## Exercise description
Beginning with the first line of the data below, reproduce every line unchanged, ending with the line that holds "no_state_halves => j le_ji.".

[Excerpts from a dataset]
______
(* The low levels and the weight both follow the ideal trajectory, hence so does
   level [k], whose ideal value is large. *)
Lemma phase2_top_ge r f : R1 <= r.+1 -> r < r0 -> tracks k x0 (r0 - r.+1) f ->
  weight k r0 x0 + 1 <= 2 ^ (r0 - r.+1) * (weight k r.+1 f + 1) ->
  binom_le r.+1 k <= f k.
Proof.
move=> le_R1r lt_rr0 tr W; set t := r0 - r.+1 in tr W.
have ideal_top := iter_spread_top_ge exp2_ge_R1 W0_lb top0 le_R1r lt_rr0.
have ideal_W : weight k r0 x0 =
    \sum_(i < k) iter t spread x0 i * binom_le r.+1 (k - i) + iter t spread x0 k.
  by rewrite -weight_top -weight_iter_spread subnKC.
have low := tracks_low_le (c := fun i => binom_le r.+1 (k - i)) (c0 := binom_le r.+1 k) tr
  (fun i _ => leq_binom_le2r _ (leq_subr i k)).
rewrite [weight k r.+1 f]weight_top -/t in W ideal_top.
have : 2 ^ t * (2 * binom_le r.+1 k) < 2 ^ t * (f k + 1) by lia.
by rewrite ltn_pmul2l ?expn_gt0 //; have := binom_le_gt0 r.+1 k; lia.
Qed.

(* The [+ 1] absorbs the rounding down of [weight %/ 2] at every step. *)
Lemma wins_phase2 d f : R1 + d <= r0 -> tracks k x0 (r0 - (R1 + d)) f ->
  weight k r0 x0 + 1 <= 2 ^ (r0 - (R1 + d)) * (weight k (R1 + d) f + 1) ->
  wins k (R1 + d) f.
Proof.
elim: d f => [|d IHd] f; first by rewrite addn0; exact: wins_phase2_end.
rewrite addnS; set r := R1 + d => lt_rr0 tr W; set t := r0 - r.+1 in tr W.
have tE : r0 - r = t.+1 by rewrite subnSK.
have top : binom_le r.+1 k <= f k.
  exact: phase2_top_ge (leq_trans (leq_addr d R1) (leqnSn _)) lt_rr0 tr W.
pose g i := f i %/ 2; have le_gf i : i < k -> g i <= f i by move=> _; apply: leq_div.
have /andP[lowY lowN] := @low_halves k r f g (fun i _ => erefl).
have := sum_bin_rev r k; have := leq_binom_le2l k (leqnSn r).
have W1E := weightS_low r le_gf.
have next_W w : weight k r.+1 f %/ 2 <= w -> weight k r0 x0 + 1 <= 2 ^ (r0 - r) * (w + 1).
  by rewrite tE expnS => le_w; apply: leq_trans W _; nia.
move=> le_B Cs; apply: (wins_split (h := weight k r.+1 f %/ 2) le_gf); try lia.
  move=> v le_v Wv; apply: IHd; rewrite ?next_W //; first exact: ltnW.
  rewrite tE; apply: (tracks_step tr) => i lt_ik; apply: yes_state_halves => j le_ji.
  by rewrite /upd ltn_eqF // (leq_ltn_trans le_ji lt_ik).
move=> v le_v Wv; apply: IHd; rewrite ?next_W //; first exact: ltnW.
rewrite tE; apply: (tracks_step tr) => i lt_ik; apply: no_state_halves => j le_ji.
by rewrite /upd ltn_eqF // (leq_ltn_trans le_ji lt_ik).
Qed.

End Phase2.
Section Phase1.

Variables (q : nat) (f0 : nat -> nat).
Let W := weight k q f0.
Let B := binom_le q k.
Hypothesis W_lb : 2 ^ q + 2 ^ k * B <= W.
Hypothesis W_ub : W + 2 ^ k * B <= 2 ^ q.+1.
Hypothesis exp2_ge_q : B * 2 ^ k * (2 ^ k * (M + 2) * B + k.+1) <= 2 ^ q.
Hypothesis le_k_q : k <= q.
Hypothesis le_R1_q : R1 <= q - k.
Hypothesis large_q : k * (2 ^ R1.+2).+1 <= q - k.

Lemma wins_phase1_end f : tracks k.+1 f0 k f ->
  W + B <= 2 ^ k * (weight k (q - k) f + B) ->
  2 ^ k * weight k (q - k) f + B <= W + 2 ^ k * B ->
  wins k (q - k) f.
Proof.
move=> tr; have := large_q; have := le_R1_q; set r0 := q - k => le_R1 large lb ub.
have qE : 2 ^ q = 2 ^ k * 2 ^ r0 by rewrite -expnD subnKC.
have pos_k : 0 < 2 ^ k by rewrite expn_gt0.
have W0_lb : 2 ^ r0 <= weight k r0 f by rewrite -(leq_pmul2l pos_k) -qE; lia.
have W0_ub : weight k r0 f <= 2 ^ r0.+1.
  by rewrite -(leq_pmul2l pos_k) expnS mulnCA -qE; have := W_ub; rewrite expnS; lia.
have top : 2 ^ k * (M + 2) * binom_le r0 k <= f k.
  apply: leq_trans (_ : 2 ^ k * (M + 2) * B <= f k).
    by rewrite leq_mul2l leq_binom_le2l ?leq_subr ?orbT.
  have pos : 0 < B * 2 ^ k by rewrite muln_gt0 binom_le_gt0 expn_gt0.
  rewrite -(leq_add2r k.+1) -(leq_pmul2l pos) (leq_trans exp2_ge_q) //.
  have [_ tr_k] := tr k (ltnSn k).
  have : B * \sum_(j < k.+1) f0 j <= B * iter k spread f0 k.
    by rewrite leq_mul2l sum_le_iter_spread orbT.
  have : B * iter k spread f0 k <= B * (2 ^ k * f k + k.+1 * 2 ^ k).
    by rewrite leq_mul2l tr_k orbT.
  have := weight_le_sum k q f0; rewrite -/W -/B; lia.
have := @wins_phase2 r0 f W0_lb W0_ub top large (r0 - R1) f.
by rewrite subnKC // subnn expn0 mul1n; apply => //; apply: tracks0.
Qed.

Lemma wins_phase1 n t f : t + n = k -> tracks k.+1 f0 t f ->
  W + B <= 2 ^ t * (weight k (q - t) f + B) ->
  2 ^ t * weight k (q - t) f + B <= W + 2 ^ t * B ->
  wins k (q - t) f.
Proof.
elim: n t f => [|n IHn] t f; first by rewrite addn0 => ->; apply: wins_phase1_end.
move=> tnE tr; have lt_tk : t < k by rewrite -tnE -addn1 leq_add2l.
rewrite -subnSK ?(leq_trans lt_tk) //; set r := q - t.+1 => lb ub.
pose g i := f i %/ 2; pose v := f k %/ 2.
have le_gf i : i < k -> g i <= f i by move=> _; apply: leq_div.
have halves j : j <= k -> upd g k v j = f j %/ 2 by rewrite /upd; case: eqP => [->|].
have /andP[lowY lowN] := @low_halves k r f g (fun i _ => erefl).
have le_B : binom_le r k <= B by apply: leq_binom_le2l; apply: leq_subr.
have := sum_bin_rev r k; have W1E := weightS_low r le_gf.
(* Halving every level unbalances the answers by at most [binom_le r k <= B]. *)
have next w : 2 * w <= weight k r.+1 f + B /\ weight k r.+1 f <= 2 * w + B ->
    W + B <= 2 ^ t.+1 * (w + B) /\ 2 ^ t.+1 * w + B <= W + 2 ^ t.+1 * B.
  by move: lb ub; rewrite expnS; set P := 2 ^ t => ? ? [? ?]; split; nia.
have tnE' : t.+1 + n = k by rewrite addSnnS.
move=> Cs; apply: (wins_step (v := v) le_gf (leq_div _ _)).
  have /next[lbY ubY] : 2 * weight k r (yes_state f (upd g k v)) <= weight k r.+1 f + B /\
      weight k r.+1 f <= 2 * weight k r (yes_state f (upd g k v)) + B.
    by rewrite weight_yes_state low_yes_upd /upd eqxx; lia.
  apply: IHn tnE' _ lbY ubY; apply: (tracks_step tr) => i lt_ik.
  by apply: yes_state_halves => j le_ji; rewrite halves // (leq_trans le_ji).
have /next[lbN ubN] : 2 * weight k r (no_state f (upd g k v)) <= weight k r.+1 f + B /\
    weight k r.+1 f <= 2 * weight k r (no_state f (upd g k v)) + B.
  by rewrite weight_no_state low_no_upd /upd eqxx; lia.
apply: IHn tnE' _ lbN ubN; apply: (tracks_step tr) => i lt_ik.
by apply: no_state_halves => j le_ji; rewrite halves // (leq_trans le_ji).
Qed.

End Phase1.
______
## Output for this exercise
(* The low levels and the weight both follow the ideal trajectory, hence so does
   level [k], whose ideal value is large. *)
Lemma phase2_top_ge r f : R1 <= r.+1 -> r < r0 -> tracks k x0 (r0 - r.+1) f ->
  weight k r0 x0 + 1 <= 2 ^ (r0 - r.+1) * (weight k r.+1 f + 1) ->
  binom_le r.+1 k <= f k.
Proof.
move=> le_R1r lt_rr0 tr W; set t := r0 - r.+1 in tr W.
have ideal_top := iter_spread_top_ge exp2_ge_R1 W0_lb top0 le_R1r lt_rr0.
have ideal_W : weight k r0 x0 =
    \sum_(i < k) iter t spread x0 i * binom_le r.+1 (k - i) + iter t spread x0 k.
  by rewrite -weight_top -weight_iter_spread subnKC.
have low := tracks_low_le (c := fun i => binom_le r.+1 (k - i)) (c0 := binom_le r.+1 k) tr
  (fun i _ => leq_binom_le2r _ (leq_subr i k)).
rewrite [weight k r.+1 f]weight_top -/t in W ideal_top.
have : 2 ^ t * (2 * binom_le r.+1 k) < 2 ^ t * (f k + 1) by lia.
by rewrite ltn_pmul2l ?expn_gt0 //; have := binom_le_gt0 r.+1 k; lia.
Qed.

(* The [+ 1] absorbs the rounding down of [weight %/ 2] at every step. *)
Lemma wins_phase2 d f : R1 + d <= r0 -> tracks k x0 (r0 - (R1 + d)) f ->
  weight k r0 x0 + 1 <= 2 ^ (r0 - (R1 + d)) * (weight k (R1 + d) f + 1) ->
  wins k (R1 + d) f.
Proof.
elim: d f => [|d IHd] f; first by rewrite addn0; exact: wins_phase2_end.
rewrite addnS; set r := R1 + d => lt_rr0 tr W; set t := r0 - r.+1 in tr W.
have tE : r0 - r = t.+1 by rewrite subnSK.
have top : binom_le r.+1 k <= f k.
  exact: phase2_top_ge (leq_trans (leq_addr d R1) (leqnSn _)) lt_rr0 tr W.
pose g i := f i %/ 2; have le_gf i : i < k -> g i <= f i by move=> _; apply: leq_div.
have /andP[lowY lowN] := @low_halves k r f g (fun i _ => erefl).
have := sum_bin_rev r k; have := leq_binom_le2l k (leqnSn r).
have W1E := weightS_low r le_gf.
have next_W w : weight k r.+1 f %/ 2 <= w -> weight k r0 x0 + 1 <= 2 ^ (r0 - r) * (w + 1).
  by rewrite tE expnS => le_w; apply: leq_trans W _; nia.
move=> le_B Cs; apply: (wins_split (h := weight k r.+1 f %/ 2) le_gf); try lia.
  move=> v le_v Wv; apply: IHd; rewrite ?next_W //; first exact: ltnW.
  rewrite tE; apply: (tracks_step tr) => i lt_ik; apply: yes_state_halves => j le_ji.
  by rewrite /upd ltn_eqF // (leq_ltn_trans le_ji lt_ik).
move=> v le_v Wv; apply: IHd; rewrite ?next_W //; first exact: ltnW.
rewrite tE; apply: (tracks_step tr) => i lt_ik; apply: no_state_halves => j le_ji.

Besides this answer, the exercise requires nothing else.